Wicked Gift
 

Stained Glass Scars

about | lyrics | purchase

About Stained Glass Scars

I’ve always been fascinated by Rebecca’s impulse to literally embody art as well as create it. I thought her tattoos would make a relevant cover, because I saw some obvious parallels between tattooing and the whole songwriting and recording process.

You take some dominant themes in your life, symbolize and sanctify them to a degree by converting them into art, endure some short-term pain to make a long-term statement, then take a little time out to heal.
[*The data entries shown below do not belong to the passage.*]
Lemma nonexpansive_half_window (e : R -> R) :
  {in `[0, 2] &, forall v w, `|e v - e w| <= `|v - w|} -> e 0 = 0 -> e 2 = 1 ->
  exists2 c, 0 <= c <= 1 & e (c + 1) - e c = 2^-1.
Proof.
move=> e_dist e0 e2; pose g v := e (v + 1) - e v.
have g_cont : {within `[0, 1], continuous g}.
  apply: within_continuous_dist => v eps; rewrite /= in_itv /= => v01 eps0.
  exists (eps / 2) => [|w]; first by rewrite divr_gt0.
  rewrite in_itv /= => w01 vw.
  have := e_dist (v + 1) (w + 1); have := e_dist v w; rewrite !in_itv /=.
  have -> : v + 1 - (w + 1) = v - w by ring.
  have := ler_normB (e (v + 1) - e (w + 1)) (e v - e w).
  have -> : e (v + 1) - e (w + 1) - (e v - e w) = g v - g w by rewrite /g; ring.
  lra.
have [|c] := IVT (v := 2^-1) ler01 g_cont; last by rewrite in_itv /=; exists c.
by rewrite /g add0r e0 (_ : 1 + 1 = 2) // e2 ge_min le_max; lra.
Qed.

Lemma homo_ler_sum (d1 d2 : R -> R) x y :
  {in `[0, 1] &, {homo d1 : x y / x <= y}} ->
  {in `[0, 1] &, {homo d2 : x y / x <= y}} ->
  x \in `[0, 1] -> y \in `[0, 1] -> d1 x + d2 x <= d1 y + d2 y ->
  0 <= d1 y - d1 x <= d1 y + d2 y - (d1 x + d2 x).
Proof.
move=> d1_homo d2_homo x01 y01; have [xy|/ltW yx] := leP x y => sxy.
  by have := d1_homo _ _ x01 y01 xy; have := d2_homo _ _ x01 y01 xy; lra.
by have := d1_homo _ _ y01 x01 yx; have := d2_homo _ _ y01 x01 yx; lra.
Qed.
Lemma ksubsets_S N k : ksubsets (S N) k =
  map (cons false) (ksubsets N k) ++
  match k with O => [] | S k' => map (cons true) (ksubsets N k') end.
Proof.
  unfold ksubsets. simpl. rewrite filter_app.
  assert (filter_map : forall b (p : list bool -> bool) l,
            filter p (map (cons b) l) = map (cons b) (filter (fun H => p (b :: H)) l)).
  { intros b p l. induction l as [|H l IH]; simpl; [reflexivity |].
    destruct (p (b :: H)); simpl; rewrite IH; reflexivity. }
  rewrite !filter_map. f_equal. destruct k as [|k].
  - induction (all_subsets N); simpl; auto.
  - reflexivity.
Qed.

Lemma length_ksubsets_S_S N k :
  length (ksubsets (S N) (S k)) = (length (ksubsets N (S k)) + length (ksubsets N k))%nat.
Proof. now rewrite ksubsets_S, length_app, !length_map. Qed.

Lemma length_ksubsets_0 N : length (ksubsets N 0) = 1%nat.
Proof.
  induction N as [|N IH]; [reflexivity |].
  now rewrite ksubsets_S, app_nil_r, length_map.
Qed.

Lemma length_ksubsets_pos N k : (k <= N)%nat -> (0 < length (ksubsets N k))%nat.
Proof.
  revert k. induction N as [|N IH]; intros [|k] Hk; try lia;
    rewrite ?length_ksubsets_0; try lia.
  rewrite length_ksubsets_S_S. specialize (IH k ltac:(lia)). lia.
Qed.

Lemma ksubsets_absorption N k :
  (S k * length (ksubsets (S N) (S k)) = S N * length (ksubsets N k))%nat.
Proof.
  revert k. induction N as [|N IH]; intros k; rewrite length_ksubsets_S_S.
  - destruct k; simpl; lia.
  - destruct k as [|k].
    + rewrite !length_ksubsets_0. specialize (IH 0%nat). rewrite length_ksubsets_0 in IH. lia.
    + pose proof (IH (S k)) as H1. pose proof (IH k) as H2.
      rewrite (length_ksubsets_S_S N k) in *. nia.
Qed.
(* In the setting below, if $$\sum_{t\in\mathcal K}\|Z^\top f(x_t)\|_2\le \sum_{t\in\mathcal K^c}\|Z^\top f(x_t)\|_2\qquad\text{for all } Z\in\mathbb{R}^{m\times n},$$ then $\bar A$ is a global minimizer of $\min_{A\in\mathbb{R}^{n\times m}}\sum_{t=0}^{T-1}\|(\bar A-A)f(x_t)+\bar d_t\|_2$.
   Context: $f:\mathbb{R}^n\to\mathbb{R}^m$ is given, $\bar A\in\mathbb{R}^{n\times m}$, $\bar d_0,\dots,\bar d_{T-1}\in\mathbb{R}^n$, and $x_0=0_n$, $x_{t+1}=\bar A f(x_t)+\bar d_t$ for $t=0,\dots,T-1$. $\mathcal K:=\{t\in\{0,\dots,T-1\}:\bar d_t\ne 0\}$, $\mathcal K^c:=\{0,\dots,T-1\}\setminus\mathcal K$. *)

From HB Require Import structures.
From mathcomp Require Import all_boot all_order all_algebra.
Set Implicit Arguments. Unset Strict Implicit. Unset Printing Implicit Defensive.
Import Order.TTheory GRing.Theory Num.Theory.
Local Open Scope ring_scope.

Definition norm2 (R : rcfType) (k : nat) (v : 'cV[R]_k) : R :=
  Num.sqrt (\sum_(i < k) v i 0 ^+ 2).

Fixpoint traj (R : rcfType) (n m : nat) (f : 'cV[R]_n -> 'cV[R]_m)
    (Abar : 'M[R]_(n, m)) (d : nat -> 'cV[R]_n) (t : nat) : 'cV[R]_n :=
  match t with
  | 0 => 0
  | t'.+1 => Abar *m f (traj f Abar d t') + d t'
  end.

(* At [A = Abar] the residuals are just the [d t], which vanish off K.
   For another [A] put [g t := (Abar - A) f(x_t)]: off K the residual is
   [g t], while on K the triangle inequality gives
   [|d t| <= |g t + d t| + |g t|].  Summing, the loss at [A] exceeds the loss
   at [Abar] by at least [sum_(t notin K) |g t| - sum_(t in K) |g t|], which
   is nonnegative by the hypothesis applied to [Z := (Abar - A)^T]. *)
From HB Require Import structures.
From mathcomp Require Import all_boot all_order all_algebra.
From mathcomp Require Import ring.
Import Order.TTheory GRing.Theory Num.Theory.
Local Open Scope ring_scope.

Section EuclideanNorm.
Variables (R : rcfType) (k : nat).
Implicit Types (a b : 'I_k -> R) (u v : 'cV[R]_k).

Lemma sumr_sqr_ge0 a : 0 <= \sum_i a i ^+ 2.
Proof. by apply: sumr_ge0 => i _; rewrite sqr_ge0. Qed.

Lemma sumr_sqr_eq0 a : \sum_i a i ^+ 2 = 0 -> forall i, a i = 0.
Proof.
move=> a2_eq0 i; apply/eqP; rewrite -sqrf_eq0; apply/eqP.
exact: (psumr_eq0P (fun j _ => sqr_ge0 (a j)) a2_eq0).
Qed.

Lemma Cauchy_Schwarz a b :
  \sum_i a i * b i <= Num.sqrt (\sum_i a i ^+ 2) * Num.sqrt (\sum_i b i ^+ 2).
Proof.
set na := Num.sqrt _; set nb := Num.sqrt _.
have na2 : na ^+ 2 = \sum_i a i ^+ 2 by rewrite sqr_sqrtr ?sumr_sqr_ge0.
have nb2 : nb ^+ 2 = \sum_i b i ^+ 2 by rewrite sqr_sqrtr ?sumr_sqr_ge0.
(* Expanding [0 <= \sum_i (a i * nb - b i * na) ^+ 2]. *)
have scaled : 2 * (na * nb) * \sum_i a i * b i <= 2 * (na * nb) * (na * nb).
  have -> : 2 * (na * nb) * (na * nb)
          = \sum_i (a i ^+ 2 * nb ^+ 2 + b i ^+ 2 * na ^+ 2).
    by rewrite big_split /= -!mulr_suml -na2 -nb2; ring.
  rewrite mulr_sumr; apply: ler_sum => i _; rewrite -subr_ge0.
  have -> : a i ^+ 2 * nb ^+ 2 + b i ^+ 2 * na ^+ 2 - 2 * (na * nb) * (a i * b i)
          = (a i * nb - b i * na) ^+ 2 by ring.
  exact: sqr_ge0.
have nanb_ge0 : 0 <= na * nb by rewrite mulr_ge0 ?sqrtr_ge0.
have [nanb_gt0 | ] := boolP (0 < na * nb).
  by move: scaled; rewrite ler_pM2l // mulr_gt0.
rewrite lt_def nanb_ge0 andbT negbK mulf_eq0.
case/orP=> /eqP /(congr1 (fun x => x ^+ 2)); rewrite expr0n /=.
  by rewrite na2 => /sumr_sqr_eq0 a0; rewrite big1 // => i _; rewrite a0 mul0r.
by rewrite nb2 => /sumr_sqr_eq0 b0; rewrite big1 // => i _; rewrite b0 mulr0.
Qed.

Lemma norm20 : norm2 (0 : 'cV[R]_k) = 0.
Proof. by rewrite /norm2 big1 ?sqrtr0 // => i _; rewrite mxE expr0n. Qed.

Lemma norm2N u : norm2 (- u) = norm2 u.
Proof. by rewrite /norm2; congr Num.sqrt; apply: eq_bigr => i _; rewrite mxE sqrrN. Qed.

Lemma norm2_ge0 u : 0 <= norm2 u.
Proof. exact: sqrtr_ge0. Qed.

Lemma norm2_sqr u : norm2 u ^+ 2 = \sum_i u i 0 ^+ 2.
Proof. by rewrite sqr_sqrtr ?sumr_sqr_ge0. Qed.

Lemma ler_norm2D u v : norm2 (u + v) <= norm2 u + norm2 v.
Proof.
rewrite -ler_sqr ?nnegrE ?addr_ge0 ?norm2_ge0 //.
have -> : norm2 (u + v) ^+ 2
        = norm2 u ^+ 2 + (\sum_i u i 0 * v i 0) *+ 2 + norm2 v ^+ 2.
  rewrite !norm2_sqr -sumrMnl -!big_split /=.
  by apply: eq_bigr => i _; rewrite mxE; ring.
by rewrite sqrrD lerD2r lerD2l lerMn2r Cauchy_Schwarz.
Qed.

Lemma ler_norm2_subD u v : norm2 v <= norm2 (u + v) + norm2 u.
Proof.
by rewrite -(norm2N u); apply: le_trans (ler_norm2D _ _); rewrite addrC addKr.
Qed.

End EuclideanNorm.

Lemma sum_norm2_le_sum_norm2D (R : rcfType) (k : nat) (I : eqType) (r : seq I)
    (g d : I -> 'cV[R]_k) :
  \sum_(t <- r | d t != 0) norm2 (g t) <= \sum_(t <- r | d t == 0) norm2 (g t) ->
  \sum_(t <- r) norm2 (d t) <= \sum_(t <- r) norm2 (g t + d t).
Proof.
move=> g_K_le_g_Kc.
rewrite [X in X <= _](bigID (fun t => d t == 0)) /=.
rewrite [X in _ <= X](bigID (fun t => d t == 0)) /=.
rewrite big1 => [|t /eqP ->]; last exact: norm20.
rewrite add0r [X in _ <= X + _](eq_bigr (fun t => norm2 (g t))) => [|t /eqP ->];
  last by rewrite addr0.
have d_le : \sum_(t <- r | d t != 0) norm2 (d t)
         <= \sum_(t <- r | d t != 0) (norm2 (g t + d t) + norm2 (g t)).
  by apply: ler_sum => t _; exact: ler_norm2_subD.
by apply: le_trans d_le _; rewrite big_split /= addrC lerD2r.
Qed.

Theorem corollary1 (R : rcfType) (n m T : nat) (f : 'cV[R]_n -> 'cV[R]_m)
    (Abar : 'M[R]_(n, m)) (d : nat -> 'cV[R]_n) :
  (forall Z : 'M[R]_(m, n),
     \sum_(0 <= t < T | d t != 0) norm2 (Z^T *m f (traj f Abar d t))
     <= \sum_(0 <= t < T | d t == 0) norm2 (Z^T *m f (traj f Abar d t))) ->
  forall A : 'M[R]_(n, m),
    \sum_(0 <= t < T) norm2 ((Abar - A) *m f (traj f Abar d t) + d t)
    >= \sum_(0 <= t < T) norm2 ((Abar - Abar) *m f (traj f Abar d t) + d t).
Proof.
move=> hyp A.
under eq_bigr do rewrite subrr mul0mx add0r.
apply: sum_norm2_le_sum_norm2D.
by have := hyp (Abar - A)^T; rewrite trmxK.
Qed.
And you’re never quite the same again.

 

About the Songs

I’ve personally always enjoyed it when a songwriter lowers his or her instrument, leans confidentially into the microphone, and lays bare for all the world how a particular piece of music came into being. I can’t presume to speak for anybody else, but in my own case this inevitably reeks of Monday morning quarterbacking of the worst kind. Because for me, the whole process of songwriting amounts to striking a match in a dark cave, and stumbling and groping your way towards the surface, with many a conveniently forgotten blind ally taken and discarded along the way. In hindsight it might all make rational sense, but actually doing it is a matter of pure gut instinct. I didn’t “set out” to write any of this stuff, it just kind of suggested itself as I went along. So it goes …

Also, for some reason lately I always seem to be writing in the first person. This doesn’t necessarily mean that I’m the narrator. The narrator might be someone I wouldn’t ever want to be. But there’ll always be something there I can relate to. I don’t strive to be factually truthful, but I absolutely strive to be emotionally truthful; you can always count on that.

We decided to leave the lyric sheet out of the CD package this time. Sometimes it’s fun to guess at the words you can’t really make out. The words are here on the site if you want them; I hope you won’t be too disappointed when you find out what I’ll really saying.